Now, as lawmakers engage in frantic negotiations to avoid a government shutdown, the industry is back in Washington seeking more.

At issue are business development companies, which provide loans to small and medium sized businesses and are part of a private lending boom that’s exploded since the 2008 financial crisis. As Congress debates year-end legislation to fund federal agencies, BDCs are urging lawmakers to add a measure that benefits their industry. The push is part of a broader lobbying campaign to get regulators to ease rules.

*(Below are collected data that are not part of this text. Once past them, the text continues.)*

(* Let $x\in\mathbb{R}\setminus\mathbb{Q}$. Then $\gamma_R(x)=\tau_R(2x)$, where for an irrational $y$ \[\tau_R(y)=\sup\Big\{\tau : |y-\tfrac{p}{q}|<q^{-\tau} \text{ for infinitely many irreducible rationals } \tfrac{p}{q} \text{ with } p,q \text{ not both odd}\Big\},\] \[\gamma_R(y)=\sup\Big\{\gamma : |y-\tfrac{p}{q}|<q^{-\gamma} \text{ for infinitely many irreducible rationals } \tfrac{p}{q} \text{ with } q\equiv0,1,3 \pmod 4\Big\}.\]
   Context: Irreducible rationals $p/q$ are written with $q\ge1$ and $\gcd(p,q)=1$. *)

From HB Require Import structures.
From mathcomp Require Import all_boot all_order all_algebra.
From mathcomp Require Import all_classical all_reals all_analysis.
Set Implicit Arguments. Unset Strict Implicit. Unset Printing Implicit Defensive.
Import Order.TTheory GRing.Theory Num.Theory.
Local Open Scope ring_scope.
Local Open Scope classical_set_scope.

Definition approx_set (R : realType) (P : int -> nat -> bool) (y t : R)
  : set (int * nat) :=
  [set pq | (0 < pq.2)%N /\ coprime `|pq.1|%N pq.2 /\ P pq.1 pq.2 /\
            `|y - pq.1%:~R / pq.2%:R| < (pq.2%:R : R) `^ (- t)].

Definition approx_exponent (R : realType) (P : int -> nat -> bool) (y : R)
  : \bar R :=
  ereal_sup [set t%:E | t in [set t : R | infinite_set (approx_set P y t)]].

Definition tauR_cond (p : int) (q : nat) : bool := ~~ (odd `|p|%N && odd q).
Definition gammaR_cond (p : int) (q : nat) : bool := (q %% 4 != 2)%N.

Definition tau_R (R : realType) (y : R) : \bar R := approx_exponent tauR_cond y.
Definition gamma_R (R : realType) (y : R) : \bar R := approx_exponent gammaR_cond y.

From HB Require Import structures.
From mathcomp Require Import all_boot all_order all_algebra.
From mathcomp Require Import all_classical all_reals all_analysis.
From mathcomp Require Import zify ring lra.
Set Implicit Arguments. Unset Strict Implicit. Unset Printing Implicit Defensive.
Import Order.TTheory GRing.Theory Num.Theory.
Local Open Scope ring_scope.
Local Open Scope classical_set_scope.

(* Doubling, written in lowest terms, maps the reduced fractions p/q with
   q <> 2 (mod 4) bijectively onto those with p, q not both odd: p/q goes to
   2p/q if q is odd and to p/(q/2) if 4 | q.  It doubles the distance to the
   point (x becomes 2x) and changes the denominator by a factor at most 2, so
   infinitely many approximations of x of exponent t of the first kind give
   infinitely many of 2x of exponent t - e of the second kind, for every e > 0;
   the inverse map gives the converse. *)

Lemma infinite_set_transfer T (A B S : set T) (f g : T -> T) :
  finite_set (A `&` S) ->
  (forall a, A a -> ~ S a -> B (f a) /\ g (f a) = a) ->
  infinite_set A -> infinite_set B.
Proof.
move=> finAS fAB infA finB; apply: infA.
apply: (sub_finite_set (B := A `&` S `|` g @` B)); last first.
  by rewrite finite_setU; split => //; apply: finite_image.
move=> a Aa; case: (pselect (S a)) => Sa; [left | right] => //.
by have [Bfa gfa] := fAB a Aa Sa; exists (f a).
Qed.

Definition reduced_frac (pq : int * nat) : bool :=
  (0 < pq.2)%N && coprime `|pq.1| pq.2.

Definition double_frac (pq : int * nat) : int * nat :=
  if odd pq.2 then (pq.1 * 2, pq.2) else (pq.1, (pq.2 %/ 2)%N).

Definition halve_frac (rs : int * nat) : int * nat :=
  if odd rs.2 then ((rs.1 %/ 2)%Z, rs.2) else (rs.1, (rs.2 * 2)%N).

Section Rescaling.
Context {R : realType}.

Lemma ereal_sup_EFin_le_shift (A B : set R) :
  (forall t, A t -> forall e, 0 < e -> B (t - e)) ->
  (ereal_sup [set t%:E | t in A] <= ereal_sup [set t%:E | t in B])%E.
Proof.
move=> AB; apply: ge_ereal_sup => _ [t At <-].
apply/lee_addgt0Pr => e e0.
have : ((t - e)%:E <= ereal_sup [set t%:E | t in B])%E.
  by apply: ereal_sup_ubound; exists (t - e) => //; apply: AB.
case: (ereal_sup _) => [r | |] //= h; last by rewrite leey.
by rewrite -EFinD lee_fin -lerBlDr -lee_fin.
Qed.

Lemma powR_nat_eventually_ge (e C : R) : 0 < e ->
  exists N : nat, forall q : nat, (N < q)%N -> C <= q%:R `^ e.
Proof.
move=> e0; set r := Num.max 1 C.
have r1 : 1 <= r by rewrite le_max lexx.
exists (Num.truncn (r `^ e^-1)) => q Nq.
have rq : r `^ e^-1 <= q%:R.
  by apply/ltW/(lt_le_trans (truncnS_gt _)); rewrite ler_nat.
apply: (le_trans (_ : C <= r)); first by rewrite le_max lexx orbT.
have -> : r = (r `^ e^-1) `^ e.
  by rewrite -powRrM mulVf ?gt_eqF // powRr1 // (le_trans ler01 r1).
by apply: ge0_ler_powR; rewrite ?nnegrE ?powR_ge0 ?ler0n // ltW.
Qed.

Lemma approx_set_den_le_finite P (y t : R) (N : nat) :
  finite_set (approx_set P y t `&` [set pq | (pq.2 <= N)%N]).
Proof.
set B := N%:R * (`|y| + 1 + N%:R `^ (- t)); set M := Num.truncn B.
have finle n : finite_set [set m : nat | (m <= n)%N].
  apply: (sub_finite_set (B := [set` iota 0 n.+1])); last exact: finite_seq.
  by move=> m /= mn; have := mem_iota 0 n.+1 m; rewrite add0n ltnS mn; apply.
apply: (sub_finite_set (B := (Posz @` [set m | (m <= M)%N]
    `|` (fun m : nat => - m%:Z) @` [set m | (m <= M)%N])
    `*` [set q | (q <= N)%N])).
  move=> [p q] [[/= q0 [_ [_ lt_pq]]] qN]; split => //=.
  have q0R : 0 < q%:R :> R by rewrite ltr0n.
  set z : R := p%:~R / q%:R.
  have z_le : `|z| <= `|y| + q%:R `^ (- t).
    have := ltW lt_pq; rewrite ler_distl => /andP[h1 h2].
    have := lexx `|y|; rewrite ler_norml => /andP[h3 h4].
    rewrite /z ler_norml; apply/andP; split; lra.
  have powq_le : q%:R `^ (- t) <= 1 + N%:R `^ (- t).
    case: (leP 0 (- t)) => t0.
      apply: (le_trans _ (_ : N%:R `^ (- t) <= _)); last by rewrite lerDr.
      by apply: ge0_ler_powR; rewrite ?nnegrE ?ler0n ?ler_nat.
    apply: (le_trans _ (_ : 1 <= _)); last by rewrite lerDl powR_ge0.
    rewrite -[leRHS](powRr0 q%:R).
    by apply: ler_powR; [rewrite ler1n | exact: ltW].
  have p_le : `|p%:~R : R| <= B.
    have -> : p%:~R = z * q%:R :> R by rewrite divfK // gt_eqF.
    rewrite normrM (ger0_norm (ltW q0R)) /B mulrC.
    by apply: ler_pM; rewrite ?normr_ge0 ?ler0n ?ler_nat //; lra.
  have : (`|p| <= M)%N.
    rewrite /M truncn_ge_nat; last exact: le_trans (normr_ge0 _) p_le.
    by rewrite natr_absz intr_norm.
  case: p {lt_pq z z_le p_le} => n pM; first by left; exists n.
  by right; exists n.+1; rewrite ?NegzE.
apply: finite_setX => //; rewrite finite_setU; split; exact: finite_image.
Qed.

Definition frac_val (pq : int * nat) : R := pq.1%:~R / pq.2%:R.

Definition rescales_fractions (P Q : int -> nat -> bool) (k : R)
    (f g : int * nat -> int * nat) : Prop :=
  forall pq, reduced_frac pq -> P pq.1 pq.2 ->
  [/\ reduced_frac (f pq) && Q (f pq).1 (f pq).2, g (f pq) = pq,
      [\/ pq.2 = (f pq).2, pq.2 = ((f pq).2 * 2)%N | (f pq).2 = (pq.2 * 2)%N]
    & frac_val (f pq) = k * frac_val pq].

Lemma powR_den_ratio_le (q q' : nat) (u : R) :
  [\/ q = q', q = (q' * 2)%N | q' = (q * 2)%N] ->
  q%:R `^ u <= (1 + 2 `^ u + 2 `^ (- u)) * q'%:R `^ u.
Proof.
have a0 : 0 < 2 `^ u :> R by rewrite powR_gt0.
have C1 : 1 <= 1 + 2 `^ u + 2 `^ (- u) :> R.
  by rewrite -addrA lerDl addr_ge0 ?powR_ge0.
case=> ->; rewrite ?natrM ?powRM ?ler0n //.
- by rewrite ler_peMl ?powR_ge0.
- by rewrite mulrC ler_wpM2r ?powR_ge0 // addrAC lerDr addr_ge0 ?powR_ge0.
have -> : (1 + 2 `^ u + 2 `^ (- u)) * (q%:R `^ u * 2 `^ u)
          = q%:R `^ u * (1 + 2 `^ u + 2 `^ u * 2 `^ u) :> R.
  by rewrite powRN; field; rewrite gt_eqF.
by rewrite ler_peMr ?powR_ge0 // -addrA lerDl addr_ge0 ?mulr_ge0 ?powR_ge0.
Qed.

Lemma rescaled_approx_lt (k y v t e : R) (q q' : nat) : 0 < k -> (0 < q')%N ->
  [\/ q = q', q = (q' * 2)%N | q' = (q * 2)%N] ->
  k * (1 + 2 `^ (- t) + 2 `^ t) <= q'%:R `^ e ->
  `|y - v| < q%:R `^ (- t) -> `|k * y - k * v| < q'%:R `^ (- (t - e)).
Proof.
move=> k0 q'0 den C_le lt_yv.
rewrite -mulrBr normrM gtr0_norm // [- (t - e)]opprB powRD; last first.
  by rewrite pnatr_eq0 -lt0n q'0 implybT.
apply: (lt_le_trans (_ : _ < k * q%:R `^ (- t))); first by rewrite ltr_pM2l.
apply: (le_trans (ler_wpM2l (ltW k0) (powR_den_ratio_le (- t) den))).
by rewrite opprK mulrA ler_wpM2r ?powR_ge0.
Qed.

Lemma approx_exponent_le_rescaled P Q (k y : R) (f g : int * nat -> int * nat) :
  0 < k -> rescales_fractions P Q k f g ->
  (approx_exponent P y <= approx_exponent Q (k * y))%E.
Proof.
move=> k0 fPQ; apply: ereal_sup_EFin_le_shift => t infP e e0.
have [N HN] := powR_nat_eventually_ge (k * (1 + 2 `^ (- t) + 2 `^ t)) e0.
apply: (infinite_set_transfer (S := [set pq | (pq.2 <= N.*2)%N])
  (f := f) (g := g) _ _ infP).
  exact: approx_set_den_le_finite.
move=> [p q] [/= q0 [cop [Ppq lt_pq]]] /negP; rewrite -ltnNge => Nq.
have [] := fPQ (p, q); rewrite /reduced_frac ?q0 //=.
case: (f (p, q)) => r s /= /andP[/andP[s0 cop'] Qrs] gf den val.
do 4!split=> //.
rewrite -[_ / _]/(frac_val (r, s)) val.
apply: (rescaled_approx_lt (q := q)) => //=; apply: HN.
by case: den => den; lia.
Qed.

Lemma double_frac_rescales :
  rescales_fractions gammaR_cond tauR_cond 2 double_frac halve_frac.
Proof.
move=> [p q] /andP[/= q0 cop] /= cond; rewrite /double_frac /=.
case: ifP => oq.
  rewrite /halve_frac /= oq mulzK //; split => //.
  - rewrite /reduced_frac /tauR_cond /= q0 abszM coprimeMl coprime2n oq cop.
    by rewrite oddM andbF.
  - exact: Or31.
  - by rewrite /frac_val /= intrM; ring.
have [q' def_q] : exists q', q = (q' * 2)%N.
  by exists (q %/ 2)%N; rewrite divnK // dvdn2 oq.
subst q; have oq' : odd q' = false by move: cond; rewrite /gammaR_cond; lia.
rewrite mulnK // /halve_frac /= oq'; split => //.
- rewrite /reduced_frac /tauR_cond /= oq' andbF andbT.
  by rewrite (coprime_dvdr (dvdn_mulr 2 (dvdnn q')) cop) andbT; lia.
- exact: Or32.
- have q'0 : q'%:R != 0 :> R by rewrite pnatr_eq0; lia.
  by rewrite /frac_val /= natrM; field.
Qed.

Lemma halve_frac_rescales :
  rescales_fractions tauR_cond gammaR_cond 2^-1 halve_frac double_frac.
Proof.
move=> [r s] /andP[/= s0 cop] /= cond; rewrite /halve_frac /=.
have s0R : s%:R != 0 :> R by rewrite pnatr_eq0 -lt0n.
case: ifP => os.
  have [r' def_r] : exists r', r = r' * 2.
    exists (r %/ 2)%Z; rewrite divzK // dvdzE /= dvdn2.
    by move: cond; rewrite /tauR_cond os andbT.
  subst r; rewrite mulzK // /double_frac /= os; split => //.
  - move: cop; rewrite /reduced_frac /gammaR_cond /= abszM coprimeMl.
    case/andP=> -> _.
    by rewrite s0 /=; lia.
  - exact: Or31.
  - by rewrite /frac_val /= intrM; field.
have odd_r : odd `|r|.
  have s2 : (2 %| s)%N by rewrite dvdn2 os.
  by move: cop; rewrite -(divnK s2) coprimeMr coprimen2 => /andP[].
rewrite /double_frac /= oddM andbF mulnK //; split => //.
- rewrite /reduced_frac /gammaR_cond /= coprimeMr coprimen2 odd_r cop /=.
  by apply/andP; split; lia.
- exact: Or33.
- by rewrite /frac_val /= natrM; field.
Qed.

End Rescaling.

Theorem lemma3p3 (R : realType) (x : R) (hx : irrational x) :
  gamma_R x = tau_R (2 * x).
Proof.
rewrite /gamma_R /tau_R; apply/le_anti/andP; split.
  exact: approx_exponent_le_rescaled _ _ double_frac_rescales.
have := approx_exponent_le_rescaled (2 * x) _ halve_frac_rescales.
by rewrite mulKf ?pnatr_eq0 //; apply; rewrite invr_gt0.
Qed.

Congress has already shown it’s willing to help BDCs, which have financed a number of businesses in politicians’ home states that struggled to get loans from banks. In passing an earlier spending bill in March, lawmakers attached a provision that allowed BDCs to double their leverage -- in other words, borrow more money to fund loans. While that change could make the companies more profitable, it would also exacerbate losses if the businesses they lend to default.

Read More: In Private Credit Boom, 10% Yields and a Whole Lot of Risk

In recent months, Apollo and Ares have set their sights on the Securities and Exchange Commission. They want the agency to remove what they say is a key hurdle to BDC growth: Complicated regulations that make it difficult for mutual funds and other big money managers to invest in the companies.

As part of the industry’s campaign, it’s urging lawmakers to add a measure to the end-of-year funding bill that would force the SEC’s hand, according to lobbyists and congressional staffers. But there are risks. Revamping SEC rules could expose more investors - including retirement savers -- to the indebted businesses that BDCs lend to.

“The nature of the BDC model is to take credit risk, and at the next downturn, losses will absolutely pick up,” said Jason Arnold, an analyst at RBC Capital Markets who follows BDCs. “But it isn’t crystal clear how high those losses will be. And in the short term, this change would be a big plus for investors and the companies.”

Apollo, Ares, KKR & Co., BlackRock Inc. and Goldman Sachs Group Inc.’s asset management unit operate some of the biggest BDCs. The money managers profit by charging BDC investors fees for overseeing the companies’ loan portfolios. BDCs manage a combined $97 billion, more than double their assets five years ago.

“The growth of private lending is good public policy -- providing needed capital to middle market companies that drive GDP growth,” Joseph Glatt, an Apollo BDC lawyer, and Joshua Bloomstein, an Ares BDC attorney, said in a joint statement.